▸ WHAT YOU NEED TO DO
Reproduce all entries precisely, down to the last character.

====================

Definition stabilizer_state {n : nat} (chi : 'M[C]_(2 ^ n)) : Prop :=
  psd chi /\
  exists (G : {set n.-tuple 'I_4}) (phi : n.-tuple 'I_4 -> C),
    pauliI n \notin G /\ (#|G| <= 2 ^ n - 1)%N /\
    (forall P, P \in G -> phi P = 1 \/ phi P = -1) /\
    chi = (2 ^ n)%:R^-1 *: (1%:M + \sum_(P in G) phi P *: pauli P).

Definition clifford {n : nat} (U : 'M[C]_(2 ^ n)) : Prop :=
  U *m adj U = 1%:M /\
  forall P : n.-tuple 'I_4, exists (c : C) (Q : n.-tuple 'I_4),
    c \in [:: 1; -1; 'i%C; - 'i%C] /\ U *m pauli P *m adj U = c *: pauli Q.

Definition qtens {m k : nat} (A : 'M[C]_(2 ^ m)) (B : 'M[C]_(2 ^ k))
  : 'M[C]_(2 ^ (m + k)) :=
  castmx (esym (expnD 2 m k), esym (expnD 2 m k)) (A *t B).

End Qubits.

From Pilot Require Import Defs.
From HB Require Import structures.
From mathcomp Require Import all_boot all_order all_algebra.
From mathcomp Require Import complex mxtens.
From mathcomp Require Import reals exp.
From mathcomp Require Import ring lra.
Import Order.TTheory GRing.Theory Num.Theory.
Local Open Scope ring_scope.

(** For a Hermitian [rho] write [x_P = tr(P rho)]. The Pauli strings are
    orthogonal for the trace form, [tr(P Q) = 2^n [P = Q]], hence a basis, and
    [rho = 2^-n sum_P x_P P]. For a density matrix [x_I = 1], [|x_P| <= 1] and
    [sum_P x_P^2 = 2^n tr(rho^2) <= 2^n], so [sum_P x_P^4 = sum_P x_P^2], i.e.
    [M2t rho = 0], exactly when every [x_P] is [0] or [+-1]: the expansion of
    [rho] is then that of a stabilizer state, with [|G| <= 2^n - 1] coming from
    the purity bound. A Clifford conjugation sends Pauli strings injectively to
    Pauli strings times a phase, which is a sign since the image is Hermitian;
    so it only permutes the [|x_P|]. Finally the Pauli strings on [m + k] qubits
    are the [P (x) Q] and [x_(P (x) Q)(rho (x) sigma) = x_P(rho) x_Q(sigma)], so
    both moments are multiplicative and the logarithm turns this into
    additivity. *)

Set Implicit Arguments.
Unset Strict Implicit.
Unset Printing Implicit Defensive.

Section MatrixTensor.
Variable K : comPzRingType.

Lemma mxtrace_castmx n n' (e e' : n = n') (A : 'M[K]_n) :
  \tr (castmx (e, e') A) = \tr A.
Proof. by case: n' / e e' => e'; rewrite castmx_id. Qed.

Lemma mulmx_castmx n n' (e e' : n = n') (A B : 'M[K]_n) :
  castmx (e, e') A *m castmx (e, e') B = castmx (e, e') (A *m B).
Proof. by case: n' / e e' => e'; rewrite !castmx_id. Qed.

Lemma castmx1 n n' (e e' : n = n') : castmx (e, e') (1%:M : 'M[K]_n) = 1%:M.
Proof. by case: n' / e e' => e'; rewrite castmx_id. Qed.

Lemma tensmx11 m n : (1%:M : 'M[K]_m) *t (1%:M : 'M[K]_n) = 1%:M.
Proof.
apply/matrixP => i j.
case: (mxtens_indexP i) => i1 i2; case: (mxtens_indexP j) => j1 j2.
rewrite tensmxE !mxE (can_eq (@mxtens_indexK _ _)) xpair_eqE.
by case: (i1 == j1); case: (i2 == j2); rewrite ?mulr1 ?mulr0 ?mul0r.
Qed.

Lemma mxtrace_tensmx m n (A : 'M[K]_m) (B : 'M[K]_n) :
  \tr (A *t B) = \tr A * \tr B.
Proof. by rewrite /mxtrace mulr_sum; apply: eq_bigr => i _; rewrite mxE. Qed.

Lemma tensmxA m n p m' n' p' (A : 'M[K]_(m, m')) (B : 'M[K]_(n, n'))
    (D : 'M[K]_(p, p')) :
  A *t (B *t D) = castmx (esym (mulnA _ _ _), esym (mulnA _ _ _)) ((A *t B) *t D).
Proof.
apply/matrixP => i j.
case: (mxtens_indexP i) => i1 i23; case: (mxtens_indexP i23) => i2 i3.
case: (mxtens_indexP j) => j1 j23; case: (mxtens_indexP j23) => j2 j3.
rewrite castmxE !tensmxE.
have -> : cast_ord (esym (esym (mulnA m n p)))
    (mxtens_index (i1, mxtens_index (i2, i3))) = mxtens_index (mxtens_index (i1, i2), i3).
  by apply: val_inj => /=; rewrite mulnDl -addnA mulnA.
have -> : cast_ord (esym (esym (mulnA m' n' p')))
    (mxtens_index (j1, mxtens_index (j2, j3))) = mxtens_index (mxtens_index (j1, j2), j3).
  by apply: val_inj => /=; rewrite mulnDl -addnA mulnA.
by rewrite !tensmxE mulrA.
Qed.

====================

▸ FINISHED TASK
Definition stabilizer_state {n : nat} (chi : 'M[C]_(2 ^ n)) : Prop :=
  psd chi /\
  exists (G : {set n.-tuple 'I_4}) (phi : n.-tuple 'I_4 -> C),
    pauliI n \notin G /\ (#|G| <= 2 ^ n - 1)%N /\
    (forall P, P \in G -> phi P = 1 \/ phi P = -1) /\
    chi = (2 ^ n)%:R^-1 *: (1%:M + \sum_(P in G) phi P *: pauli P).

Definition clifford {n : nat} (U : 'M[C]_(2 ^ n)) : Prop :=
  U *m adj U = 1%:M /\
  forall P : n.-tuple 'I_4, exists (c : C) (Q : n.-tuple 'I_4),
    c \in [:: 1; -1; 'i%C; - 'i%C] /\ U *m pauli P *m adj U = c *: pauli Q.

Definition qtens {m k : nat} (A : 'M[C]_(2 ^ m)) (B : 'M[C]_(2 ^ k))
  : 'M[C]_(2 ^ (m + k)) :=
  castmx (esym (expnD 2 m k), esym (expnD 2 m k)) (A *t B).

End Qubits.

From Pilot Require Import Defs.
From HB Require Import structures.
From mathcomp Require Import all_boot all_order all_algebra.
From mathcomp Require Import complex mxtens.
From mathcomp Require Import reals exp.
From mathcomp Require Import ring lra.
Import Order.TTheory GRing.Theory Num.Theory.
Local Open Scope ring_scope.

(** For a Hermitian [rho] write [x_P = tr(P rho)]. The Pauli strings are
    orthogonal for the trace form, [tr(P Q) = 2^n [P = Q]], hence a basis, and
    [rho = 2^-n sum_P x_P P]. For a density matrix [x_I = 1], [|x_P| <= 1] and
    [sum_P x_P^2 = 2^n tr(rho^2) <= 2^n], so [sum_P x_P^4 = sum_P x_P^2], i.e.
    [M2t rho = 0], exactly when every [x_P] is [0] or [+-1]: the expansion of
    [rho] is then that of a stabilizer state, with [|G| <= 2^n - 1] coming from
    the purity bound. A Clifford conjugation sends Pauli strings injectively to
    Pauli strings times a phase, which is a sign since the image is Hermitian;
    so it only permutes the [|x_P|]. Finally the Pauli strings on [m + k] qubits
    are the [P (x) Q] and [x_(P (x) Q)(rho (x) sigma) = x_P(rho) x_Q(sigma)], so
    both moments are multiplicative and the logarithm turns this into
    additivity. *)

Set Implicit Arguments.
Unset Strict Implicit.
Unset Printing Implicit Defensive.

Section MatrixTensor.
Variable K : comPzRingType.

Lemma mxtrace_castmx n n' (e e' : n = n') (A : 'M[K]_n) :
  \tr (castmx (e, e') A) = \tr A.
Proof. by case: n' / e e' => e'; rewrite castmx_id. Qed.

Lemma mulmx_castmx n n' (e e' : n = n') (A B : 'M[K]_n) :
  castmx (e, e') A *m castmx (e, e') B = castmx (e, e') (A *m B).
Proof. by case: n' / e e' => e'; rewrite !castmx_id. Qed.

Lemma castmx1 n n' (e e' : n = n') : castmx (e, e') (1%:M : 'M[K]_n) = 1%:M.
Proof. by case: n' / e e' => e'; rewrite castmx_id. Qed.

Lemma tensmx11 m n : (1%:M : 'M[K]_m) *t (1%:M : 'M[K]_n) = 1%:M.
Proof.
apply/matrixP => i j.
case: (mxtens_indexP i) => i1 i2; case: (mxtens_indexP j) => j1 j2.
rewrite tensmxE !mxE (can_eq (@mxtens_indexK _ _)) xpair_eqE.
by case: (i1 == j1); case: (i2 == j2); rewrite ?mulr1 ?mulr0 ?mul0r.
Qed.

Lemma mxtrace_tensmx m n (A : 'M[K]_m) (B : 'M[K]_n) :
  \tr (A *t B) = \tr A * \tr B.
Proof. by rewrite /mxtrace mulr_sum; apply: eq_bigr => i _; rewrite mxE. Qed.

Lemma tensmxA m n p m' n' p' (A : 'M[K]_(m, m')) (B : 'M[K]_(n, n'))
    (D : 'M[K]_(p, p')) :
  A *t (B *t D) = castmx (esym (mulnA _ _ _), esym (mulnA _ _ _)) ((A *t B) *t D).
Proof.
apply/matrixP => i j.
case: (mxtens_indexP i) => i1 i23; case: (mxtens_indexP i23) => i2 i3.
case: (mxtens_indexP j) => j1 j23; case: (mxtens_indexP j23) => j2 j3.
rewrite castmxE !tensmxE.
have -> : cast_ord (esym (esym (mulnA m n p)))
    (mxtens_index (i1, mxtens_index (i2, i3))) = mxtens_index (mxtens_index (i1, i2), i3).
  by apply: val_inj => /=; rewrite mulnDl -addnA mulnA.
have -> : cast_ord (esym (esym (mulnA m' n' p')))
    (mxtens_index (j1, mxtens_index (j2, j3))) = mxtens_index (mxtens_index (j1, j2), j3).
  by apply: val_inj => /=; rewrite mulnDl -addnA mulnA.
by rewrite !tensmxE mulrA.
Qed.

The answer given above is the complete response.